The ministry vigorously pushed for a peace to end the War of the Spanish Succession, leading to the Treaty of Utrecht. Foreign affairs were largely conducted by Viscount Bolingbroke. They were fiercely pressed by the Whig opposition, who used the rallying cry of No Peace Without Spain. In order to secure his peace treaty through the hostile Whig-dominated House of Lords, Harley created twelve new peerages known as Harley's Dozen in a single day to tip the balance. The ministry successfully prosecuted Robert Walpole over charges of profiteering and had him imprisoned in the Tower of London for a period.

In December 1711 the government controversially dismissed Lord Marlborough, a notional Tory but long supported by the Whigs, as Captain General and replaced him with the staunchly Tory Irish general the Duke of Ormonde.
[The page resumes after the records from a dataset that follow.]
(* Let $G$ be a reaction network with one-dimensional stoichiometric subspace, $c^*\in\mathbb R^{s-1}$ a total-constant vector, $g(\kappa;c;x_1)$ and $q(\kappa;x_1)$ as below. If for a rate-constant vector $\kappa^*\in\mathbb R^m_{>0}$, $G$ has a positive steady state $x^*$ in $\mathcal P_{c^*}$, then $\frac{\partial g}{\partial x_1}(\kappa^*;c^*;x_1^* )$ has the same sign as $\frac{\partial q}{\partial x_1}(\kappa^*;x_1^* )$, and $x^*$ is stable if and only if $\frac{\partial q}{\partial x_1}(\kappa^*;x_1^* )<0$.
   Context: A reaction network $G$ has species $X_1,\dots,X_s$ and $m$ reactions $\sum_{i}\alpha_{ij}X_i\to\sum_i\beta_{ij}X_i$, $\alpha_{ij},\beta_{ij}\in\mathbb Z_{\ge0}$, $(\alpha_{1j},\dots,\alpha_{sj})\neq(\beta_{1j},\dots,\beta_{sj})$. $\mathcal N$ has entries $\beta_{ij}-\alpha_{ij}$, $S=\mathrm{im}\,\mathcal N$. For $\kappa\in\mathbb R^m_{>0}$, $f(\kappa;x)=\mathcal N(\kappa_1\prod_i x_i^{\alpha_{i1}},\dots,\kappa_m\prod_i x_i^{\alpha_{im}})^\top$. Since $S$ is one-dimensional, species are labelled so that $\beta_{11}-\alpha_{11}\ne0$, and there are $\lambda_j\ne0$ ($\lambda_1=1$) with $\beta_{ij}-\alpha_{ij}=\lambda_j(\beta_{i1}-\alpha_{i1})$. For $c\in\mathbb R^{s-1}$, $\mathcal P_c=\{x\in\mathbb R^s_{\ge0}:(\beta_{i1}-\alpha_{i1})x_1-(\beta_{11}-\alpha_{11})x_i=c_{i-1},\ i=2,\dots,s\}$. A steady state is $x\ge0$ with $f(\kappa;x)=0$; positive if $x>0$; nondegenerate if $\mathrm{Jac}_f(x)(S)=S$; stable if nondegenerate and all nonzero eigenvalues of $\mathrm{Jac}_f(x)$ have negative real parts. $g(\kappa;c;x_1)=(\beta_{11}-\alpha_{11})\sum_{j=1}^m\lambda_j\kappa_jx_1^{\alpha_{1j}}\prod_{k=2}^s\big(\frac{\beta_{k1}-\alpha_{k1}}{\beta_{11}-\alpha_{11}}x_1-\frac{c_{k-1}}{\beta_{11}-\alpha_{11}}\big)^{\alpha_{kj}}$. Notation for $c^*$: $A_1=1,B_1=0$, $A_i=\frac{\beta_{i1}-\alpha_{i1}}{\beta_{11}-\alpha_{11}}$, $B_i=-\frac{c^*_{i-1}}{\beta_{11}-\alpha_{11}}$ ($i\ge2$). $[i]=\{k:A_k\ne0,B_k/A_k=B_i/A_i\}$ if $A_i\ne0$, $[i]=\{k:A_k=0\}$ otherwise; species labelled so that $1,\dots,r$ represent the $r$ distinct classes. $\varphi_k=\min_j\sum_{i\in[k]}\alpha_{ij}$, $\gamma_{kj}=\sum_{i\in[k]}\alpha_{ij}-\varphi_k$. $\mathcal J=\{i:A_i\neq0\}$, $\mathcal H=\{k\in\{1,\dots,r\}\cap\mathcal J:\gamma_{k1},\dots,\gamma_{km}\text{ not all equal}\}$. $Y_i(x_1)=(A_ix_1+B_i)/|A_i|$ if $i\in\mathcal J$, $Y_i=1$ otherwise; $\mathcal C_j=\prod_{i\in\mathcal J}|A_i|^{\alpha_{ij}}\prod_{i\notin\mathcal J}B_i^{\alpha_{ij}}$; $q(\kappa;x_1)=(\beta_{11}-\alpha_{11})\sum_{j=1}^m\lambda_j\kappa_j\mathcal C_j\prod_{k\in\mathcal H}Y_k(x_1)^{\gamma_{kj}}$. *)

From HB Require Import structures.
From mathcomp Require Import all_boot all_order all_algebra.
From mathcomp Require Import all_classical all_reals all_analysis.
From mathcomp Require Import complex.

Set Implicit Arguments.
Unset Strict Implicit.
Unset Printing Implicit Defensive.

Import Order.TTheory GRing.Theory Num.Theory.
Local Open Scope ring_scope.
Local Open Scope classical_set_scope.

(* Conventions: there are s.+1 species, indexed by 'I_s.+1 (species X_1 of the
   paper is ord0, species X_i, i >= 2, is lift ord0 k for k : 'I_s), and m.+1
   reactions indexed by 'I_m.+1 (reaction 1 of the paper is ord0).
   alpha i j, beta i j : nat are the stoichiometric coefficients.
   A total-constant vector c in R^(s-1) is c : 'I_s -> R, c k = c_{k+1}
   (indexing the species lift ord0 k). *)

Section ReactionNetwork.
Variables (R : realType) (s m : nat).
Variables (alpha beta : 'I_s.+1 -> 'I_m.+1 -> nat).

Definition stoich : 'M[R]_(s.+1, m.+1) :=
  \matrix_(i, j) ((beta i j)%:R - (alpha i j)%:R).

Definition stoich_space : set 'cV[R]_s.+1 :=
  [set v | exists w : 'cV[R]_m.+1, v = stoich *m w].

Definition fvec (kappa : 'I_m.+1 -> R) (x : 'I_s.+1 -> R) (i : 'I_s.+1) : R :=
  \sum_(j < m.+1) stoich i j * (kappa j * \prod_(l < s.+1) x l ^+ alpha l j).

Definition upd (x : 'I_s.+1 -> R) (k : 'I_s.+1) (t : R) : 'I_s.+1 -> R :=
  fun l => if l == k then t else x l.

Definition jac (kappa : 'I_m.+1 -> R) (x : 'I_s.+1 -> R) : 'M[R]_s.+1 :=
  \matrix_(i, k) derive1 (fun t => fvec kappa (upd x k t) i) (x k).

Definition steady_state (kappa : 'I_m.+1 -> R) (x : 'I_s.+1 -> R) : Prop :=
  (forall i, 0 <= x i) /\ (forall i, fvec kappa x i = 0).

Definition positive (x : 'I_s.+1 -> R) : Prop := forall i, 0 < x i.

Definition nondegenerate (kappa : 'I_m.+1 -> R) (x : 'I_s.+1 -> R) : Prop :=
  [set jac kappa x *m v | v in stoich_space] = stoich_space.

Definition stable (kappa : 'I_m.+1 -> R) (x : 'I_s.+1 -> R) : Prop :=
  nondegenerate kappa x /\
  forall z : R[i],
    eigenvalue (map_mx (fun r : R => (r%:C)%C) (jac kappa x)) z ->
    z != 0 -> Re z < 0.

Definition in_Pc (c : 'I_s -> R) (x : 'I_s.+1 -> R) : Prop :=
  (forall i, 0 <= x i) /\
  forall k : 'I_s,
    stoich (lift ord0 k) ord0 * x ord0 - stoich ord0 ord0 * x (lift ord0 k) = c k.

Definition gfun (lambda : 'I_m.+1 -> R) (kappa : 'I_m.+1 -> R) (c : 'I_s -> R)
  (x1 : R) : R :=
  stoich ord0 ord0 *
  \sum_(j < m.+1) lambda j * kappa j * x1 ^+ alpha ord0 j *
     \prod_(k < s) (stoich (lift ord0 k) ord0 / stoich ord0 ord0 * x1
                    - c k / stoich ord0 ord0) ^+ alpha (lift ord0 k) j.

Definition Acoef (i : 'I_s.+1) : R :=
  match unlift ord0 i with
  | None => 1
  | Some k => stoich (lift ord0 k) ord0 / stoich ord0 ord0
  end.

Definition Bcoef (c : 'I_s -> R) (i : 'I_s.+1) : R :=
  match unlift ord0 i with
  | None => 0
  | Some k => - (c k / stoich ord0 ord0)
  end.

Definition cls (c : 'I_s -> R) (i k : 'I_s.+1) : bool :=
  if Acoef i != 0 then
    (Acoef k != 0) && (Bcoef c k / Acoef k == Bcoef c i / Acoef i)
  else Acoef k == 0.

Definition clsum (c : 'I_s -> R) (k : 'I_s.+1) (j : 'I_m.+1) : nat :=
  (\sum_(i < s.+1 | cls c k i) alpha i j)%N.

Definition phi (c : 'I_s -> R) (k : 'I_s.+1) : nat :=
  \big[minn/clsum c k ord0]_(j < m.+1) clsum c k j.

Definition gamma (c : 'I_s -> R) (k : 'I_s.+1) (j : 'I_m.+1) : nat :=
  (clsum c k j - phi c k)%N.

Definition inJ (i : 'I_s.+1) : bool := Acoef i != 0.

Definition inH (c : 'I_s -> R) (r : nat) (k : 'I_s.+1) : bool :=
  [&& (k < r)%N, inJ k & [exists j, exists j', gamma c k j != gamma c k j']].

Definition Yfun (c : 'I_s -> R) (i : 'I_s.+1) (x1 : R) : R :=
  if inJ i then (Acoef i * x1 + Bcoef c i) / `|Acoef i| else 1.

Definition Ccoef (c : 'I_s -> R) (j : 'I_m.+1) : R :=
  (\prod_(i < s.+1 | inJ i) `|Acoef i| ^+ alpha i j) *
  (\prod_(i < s.+1 | ~~ inJ i) Bcoef c i ^+ alpha i j).

Definition qfun (lambda : 'I_m.+1 -> R) (c : 'I_s -> R) (r : nat)
  (kappa : 'I_m.+1 -> R) (x1 : R) : R :=
  stoich ord0 ord0 *
  \sum_(j < m.+1) lambda j * kappa j * Ccoef c j *
     \prod_(k < s.+1 | inH c r k) Yfun c k x1 ^+ gamma c k j.

End ReactionNetwork.

(* Because N has rank one, so does the Jacobian: Jac_f(x) = v w^T with v the
   first column of N.  Hence x is nondegenerate iff the trace w.v is nonzero,
   and stable iff w.v < 0, w.v being the only possibly nonzero eigenvalue.
   On P_c every x_i is the affine function A_i x_1 + B_i, so g(x_1) is f_1
   along P_c and the chain rule identifies w.v with g'(x*_1).
   Affine factors whose roots coincide (the classes [k]) are positive
   multiples of a single Y_k, since all of them are positive at x*_1; pulling
   out the common powers Y_k^phi_k writes g = P q with P(x*_1) > 0.  Since
   g(x*_1) is f_1 at the steady state x*, it vanishes, so q(x*_1) = 0 and
   g'(x*_1) = P(x*_1) q'(x*_1). *)

From Pilot Require Import Defs.
From HB Require Import structures.
From mathcomp Require Import all_boot all_order all_algebra.
From mathcomp Require Import all_classical all_reals all_analysis.
From mathcomp Require Import complex.
From mathcomp Require Import ring.

Set Implicit Arguments.
Unset Strict Implicit.
Unset Printing Implicit Defensive.

Import Order.TTheory GRing.Theory Num.Theory.
Local Open Scope ring_scope.

Lemma horner_deriv_prod (R : fieldType) (I : Type) (r : seq I) (F : I -> {poly R}) t :
  (forall i, (F i).[t] != 0) ->
  (\prod_(i <- r) F i)^`().[t] =
  (\prod_(i <- r) F i).[t] * \sum_(i <- r) (F i)^`().[t] / (F i).[t].
Proof.
move=> Fn0; elim: r => [|a r IH]; first by rewrite !big_nil derivC !hornerE ?mulr0.
rewrite !big_cons derivM !hornerE IH mulrDr; have := Fn0 a => Fan0.
by congr (_ + _); [field | rewrite mulrA].
Qed.

Lemma horner_deriv_prodX (R : fieldType) (I : Type) (r : seq I) (p : I -> {poly R})
    (n : I -> nat) t :
  (forall i, (p i).[t] != 0) ->
  (\prod_(i <- r) p i ^+ n i)^`().[t] =
  (\prod_(i <- r) p i ^+ n i).[t] * \sum_(i <- r) (n i)%:R * (p i)^`().[t] / (p i).[t].
Proof.
move=> pn0; rewrite horner_deriv_prod => [|i]; last by rewrite horner_exp expf_neq0.
congr (_ * _); apply: eq_bigr => i _.
rewrite deriv_exp hornerMn hornerM !horner_exp.
have := pn0 i; case: (n i) => [|k] pin0 /=; first by rewrite mulr0n !mul0r.
have pkn0 : (p i).[t] ^+ k != 0 by rewrite expf_neq0.
by rewrite exprS -mulr_natr; field; rewrite pkn0 pin0.
Qed.

Lemma horner_prodX (R : comNzRingType) (I : Type) (r : seq I) (P : pred I)
    (p : I -> {poly R}) (n : I -> nat) t :
  (\prod_(i <- r | P i) p i ^+ n i).[t] = \prod_(i <- r | P i) (p i).[t] ^+ n i.
Proof. by rewrite horner_prod; apply: eq_bigr => i _; rewrite horner_exp. Qed.

Section RankOneMatrix.
Variables (R : rcfType) (n : nat) (v w : 'I_n -> R).

Let M : 'M[R]_n := \matrix_(i, k) (v i * w k).
Let M_C := map_mx (fun r : R => (r%:C)%C) M.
Ormonde took the field as commander of the British forces in Flanders in 1712, but received "restraining orders" from Harley forbidding him from committing troops to fight the French. Ormonde marched his troops away from the Allies, now commanded by Eugene of Savoy, who suffered a major defeat at the Battle of Denain without the assistance of the British. Marlborough was also dismissed from his post in the cabinet Master General of the Ordnance, a position that was handed to the Scottish Tory Duke of Hamilton. Hamilton was also appointed as the first British Ambassador to France following the war, but before he left for France he was killed in a notorious duel in Hyde Park with the Whig politician Lord Mohun.

Fall and aftermath

The government fell following Anne's death in 1714. The new king, George I, was not comfortable with Harley or Bolingbroke, who he believed had opposed the Hanoverian Succession and instead supported the Jacobite pretenders. They were replaced by the Townshend ministry, beginning the Whig Ascendancy, and it would be nearly fifty years before a Tory ministry gained office again in 1762.  Bolingbroke was forced into exile, along with many of his followers after being accused of treason. Harley was impeached by Parliament, and remained in the Tower of London until 1717. Matthew Prior who had played an important part in the negotiating the Utrecht treaty was also imprisoned. 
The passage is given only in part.